Ng Ping-Yip, originario de Hong Kong, se hizo un nicoleño hecho y derecho. Iba a cazar perdices, comía asados en la casa del Dr. Brenna en una de las islas Lechiguanas, jugaba al tenis en el Lawn-Tennis Club, llevaba los hijos a la escuela.
Era el supervisor del turno nocturno de la fábrica ESTELA.
En una inundación del río Paraná ayudó a rescatar a su suegro, que se negaba a abandonar la casa.
Alquiló un colectivo y llevó a toda la familia a otra ciudad, donde se casaba un cuñado.
Tomaba vacaciones con su familia en la Villa General Belgrano, del Valle de Calamuchita, en Córdoba.
Con su mujer vieron en un enorme televisor en el living, la llegada del hombre a la Luna, las peleas de Ringo Bonavena y los Sábados Circulares de Pipo Mancera.
Era hincha de River. Le gustaba Di Palma. Escuchaba a Jorge Cafrune.
Tomaba mate con su suegra, doña Luisa.
Le decían Pényu. Sólo cuando me puse a aprender chino, de grande, supe que ese nombre, que en realidad es péng you, significa “amigo”.
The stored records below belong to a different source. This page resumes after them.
(* Let $(\mathcal I,T)$ be of class $\mathcal{DR}$. If its block system is generating, then $(\mathcal I,T)$ is generating.
   Context: Let $\mathcal I=[0,1]$. A binary dynamical system is given by $c\in]0,1[$ and two $C^2$ bijections, $a:[0,1]\to[0,c]$ and $b:[0,1]\to[c,1]$. The map $T$ equals $a^{-1}$ on $]0,c[$ and $b^{-1}$ on $]c,1[$. Class $\mathcal{DR}$: $a$ is increasing, $b$ is decreasing, $a(0)=0$, $a(1)=c$, $b(0)=1$, $b(1)=c$, $a'>0$ and $b'<0$ on $[0,1]$, and $a'(x)<1$, $b'(x)>-1$ for $x\in]0,1]$. The system $(\mathcal I,T)$ is generating if the intervals $h_w(\mathcal I)$, for $w\in\{0,1\}^k$ and $k\ge1$, generate the Borel $\sigma$-algebra of $\mathcal I$. Here $h_0=a$, $h_1=b$, and $h_w=h_{w_1}\circ\cdots\circ h_{w_k}$. With $q(n)=a^n(1)$ and $g_m=a^{m-1}\circ b$ ($m\ge1$), the block system has inverse branches $g_m$. It is generating if the intervals $g_{m_1}\circ\cdots\circ g_{m_n}(\mathcal I)$, for $n\ge1$ and $m_i\ge1$, generate the Borel $\sigma$-algebra. Equivalently, their maximal diameter over all $(m_1,\dots,m_n)$ tends to $0$ as $n\to\infty$. *)

From HB Require Import structures.
From mathcomp Require Import all_boot all_order all_algebra.
From mathcomp Require Import all_classical all_reals all_analysis.
Set Implicit Arguments. Unset Strict Implicit. Unset Printing Implicit Defensive.
Import Order.TTheory GRing.Theory Num.Theory.
Import numFieldNormedType.Exports.
Local Open Scope classical_set_scope.
Local Open Scope ring_scope.

Section Defs.
Variable R : realType.

(** [f] is C^2 on the closed interval [0,1]: it is (the restriction of) a
    function which is twice differentiable with continuous second derivative
    on an open interval containing [0,1].  Derivatives at the endpoints are
    therefore ordinary (two-sided) derivatives of this extension, which agree
    with the one-sided derivatives of the restriction. *)
Definition C2_on01 (f : R -> R) : Prop :=
  exists e : R, 0 < e /\
    forall x : R, -e < x < 1 + e ->
      [/\ derivable f x 1, derivable (derive1 f) x 1 & {for x, continuous (derive1 (derive1 f))}].

Definition class_DR (c : R) (a b : R -> R) : Prop :=
  [/\ 0 < c < 1,
      C2_on01 a, C2_on01 b,
      set_bij `[0, 1] `[0, c] a & set_bij `[0, 1] `[c, 1] b]
  /\
  [/\ {in `[0, 1] &, {homo a : x y / x < y}},
      {in `[0, 1] &, {homo b : x y / x < y >-> y < x}},
      [/\ a 0 = 0, a 1 = c, b 0 = 1 & b 1 = c],
      (forall x, x \in `[0, 1] -> 0 < derive1 a x /\ derive1 b x < 0) &
      (forall x, x \in `]0, 1] -> derive1 a x < 1 /\ -1 < derive1 b x)].

(** h_w = h_{w_1} o ... o h_{w_k}, with h_0 = a (false) and h_1 = b (true). *)
Definition hw (a b : R -> R) (w : seq bool) : R -> R :=
  foldr (fun (d : bool) f => (if d then b else a) \o f) id w.

Definition gm (a b : R -> R) (m : nat) : R -> R := iter m.-1 a \o b.

Definition gms (a b : R -> R) (ms : seq nat) : R -> R :=
  foldr (fun m f => gm a b m \o f) id ms.

Definition borel01 : set (set R) :=
  <<s `[0, 1], [set `[0, 1] `&` O | O in [set O : set R | open O]] >>.

Definition cylinders (a b : R -> R) : set (set R) :=
  [set hw a b w @` `[0, 1] | w in [set w : seq bool | (0 < size w)%N]].

Definition block_cylinders (a b : R -> R) : set (set R) :=
  [set gms a b ms @` `[0, 1] |
     ms in [set ms : seq nat | (0 < size ms)%N /\ all (fun m => 0 < m)%N ms]].

Definition generating (a b : R -> R) : Prop :=
  <<s `[0, 1], cylinders a b >> = borel01.

Definition block_generating (a b : R -> R) : Prop :=
  <<s `[0, 1], block_cylinders a b >> = borel01.

End Defs.

From HB Require Import structures.
From mathcomp Require Import all_boot all_order all_algebra.
From mathcomp Require Import all_classical all_reals all_analysis.
Set Implicit Arguments. Unset Strict Implicit. Unset Printing Implicit Defensive.
Import Order.TTheory GRing.Theory Num.Theory.
Import numFieldNormedType.Exports.
Local Open Scope classical_set_scope.
Local Open Scope ring_scope.

(* Proof idea: g_m = a^(m-1) o b is h_w for the word w = 0^(m-1) 1, so every
   block interval g_(m_1) o ... o g_(m_n)(I) is an interval h_w(I) of the
   original system. Conversely each h_w(I) is a continuous image of the
   compact interval I, hence closed and Borel. The sigma-algebra generated by
   the h_w(I) therefore lies between the one generated by the block intervals,
   which is Borel by hypothesis, and the Borel sigma-algebra itself. *)

Section Words.
Variables (R : realType) (a b : R -> R).

Lemma hw_cat (u v : seq bool) : hw a b (u ++ v) = hw a b u \o hw a b v.
Proof. by elim: u => [|d u IH] /=; apply/funext => x //=; rewrite IH. Qed.

Lemma hw_nseq_false (k : nat) : hw a b (nseq k false) = iter k a.
Proof. by elim: k => [|k IH] /=; apply/funext => x //=; rewrite IH. Qed.

Definition block_word (m : nat) : seq bool := rcons (nseq m.-1 false) true.

Lemma gm_hw (m : nat) : gm a b m = hw a b (block_word m).
Proof. by rewrite /block_word -cats1 hw_cat hw_nseq_false. Qed.

Lemma gms_hw (ms : seq nat) : gms a b ms = hw a b (flatten (map block_word ms)).
Proof. by elim: ms => [|m ms IH] //=; rewrite hw_cat -IH -gm_hw. Qed.

Lemma block_cylinders_sub : block_cylinders a b `<=` cylinders a b.
Proof.
move=> _ [ms [ms_gt0 _] <-]; exists (flatten (map block_word ms)).
  by case: ms ms_gt0 => [|m ms] //= _; rewrite size_cat size_rcons.
by rewrite gms_hw.
Qed.

End Words.

Lemma C2_on01_continuous (R : realType) (f : R -> R) :
  C2_on01 f -> forall x : R, x \in `[0, 1] -> {for x, continuous f}.
Proof.
case=> e [e_gt0 He] x; rewrite in_itv /= => /andP[x_ge0 x_le1].
apply/differentiable_continuous/derivable1_diffP.
have [] // := He x; apply/andP; split.
- by apply: lt_le_trans x_ge0; rewrite oppr_lt0.
- by apply: le_lt_trans x_le1 _; rewrite ltrDl.
Qed.

Lemma closed_sub01_borel (R : realType) (C : set R) :
  closed C -> C `<=` `[0, 1] -> @borel01 R C.
Proof.
move=> C_closed C01.
have -> : C = `[0, 1] `\` (`[0, 1] `&` ~` C).
  apply/seteqP; split => x; first by move=> Cx; split; [exact: C01 | case].
  by move=> [x01 nC]; apply: contrapT => nCx; exact: nC.
apply: sigma_algebraCD; apply: sub_gen_smallest.
by exists (~` C) => //; exact: closed_openC.
Qed.

Section Cylinders.
Variables (R : realType) (a b : R -> R).
Hypotheses (a01 : set_fun `[0, 1] `[0, 1] a) (b01 : set_fun `[0, 1] `[0, 1] b).
Hypotheses (a_cont : forall x, x \in `[0, 1] -> {for x, continuous a})
           (b_cont : forall x, x \in `[0, 1] -> {for x, continuous b}).

Lemma hw_maps01 (w : seq bool) : set_fun `[0, 1] `[0, 1] (hw a b w).
Proof. by elim: w => [|[] w IH] //= x /IH; [exact: b01 | exact: a01]. Qed.

Lemma hw_continuous (w : seq bool) x :
  x \in `[0, 1] -> {for x, continuous (hw a b w)}.
Proof.
move=> x01; have hw_x01 u : hw a b u x \in `[0, 1].
  exact: (hw_maps01 u x01).
elim: w => [|[] w IH] /=; first exact: cvg_id.
- by apply: continuous_comp => //; exact/b_cont/hw_x01.
- by apply: continuous_comp => //; exact/a_cont/hw_x01.
Qed.

Lemma cylinders_borel : cylinders a b `<=` @borel01 R.
Proof.
move=> _ [w _ <-]; apply: closed_sub01_borel; last first.
  by move=> _ [x x01 <-]; exact: hw_maps01.
apply: compact_closed; first exact: norm_hausdorff.
apply: continuous_compact; last exact: segment_compact.
by apply: continuous_in_subspaceT => x /set_mem; exact: hw_continuous.
Qed.

End Cylinders.

Theorem proposition3p7 (R : realType) (c : R) (a b : R -> R) :
  class_DR c a b -> block_generating a b -> generating a b.
Proof.
move=> [[/andP[c_gt0 c_lt1] Ca Cb [a_maps _ _] [b_maps _ _]] _] block_gen.
have a01 : set_fun `[0, 1] `[0, 1] a.
  move=> x /a_maps; rewrite /= !in_itv /= => /andP[-> ax_le].
  exact: le_trans ax_le (ltW c_lt1).
have b01 : set_fun `[0, 1] `[0, 1] b.
  move=> x /b_maps; rewrite /= !in_itv /= => /andP[bx_ge ->].
  by rewrite andbT; exact: le_trans (ltW c_gt0) bx_ge.
apply/seteqP; split.
- apply: smallest_sub; first exact: smallest_sigma_algebra.
  exact: cylinders_borel (C2_on01_continuous Ca) (C2_on01_continuous Cb).
- rewrite -block_gen; apply: smallest_sub; first exact: smallest_sigma_algebra.
  by move=> A /block_cylinders_sub; exact: sub_gen_smallest.
Qed.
Aquella vida llegó un día a su fin.
Hongkonés al fin, dispuesto siempre a pagar el precio necesario del progreso, puso rumbo a Nueva York.
La pequeña valija de cuero que había llegado de Hong Kong 20 años antes formaba parte de la pila de bártulos de la mudanza desde San Nicolás a los Estados Unidos.

En un departamento de la calle Mulberry, en el Barrio Chino del Lower Manhattan, esperaría a los nicoleños el viejo Ng Liu-Ko, con su esposa y el resto de sus hijos.
La sangre hongkonesa se reuniría, con la Estatua de la Libertad de fondo.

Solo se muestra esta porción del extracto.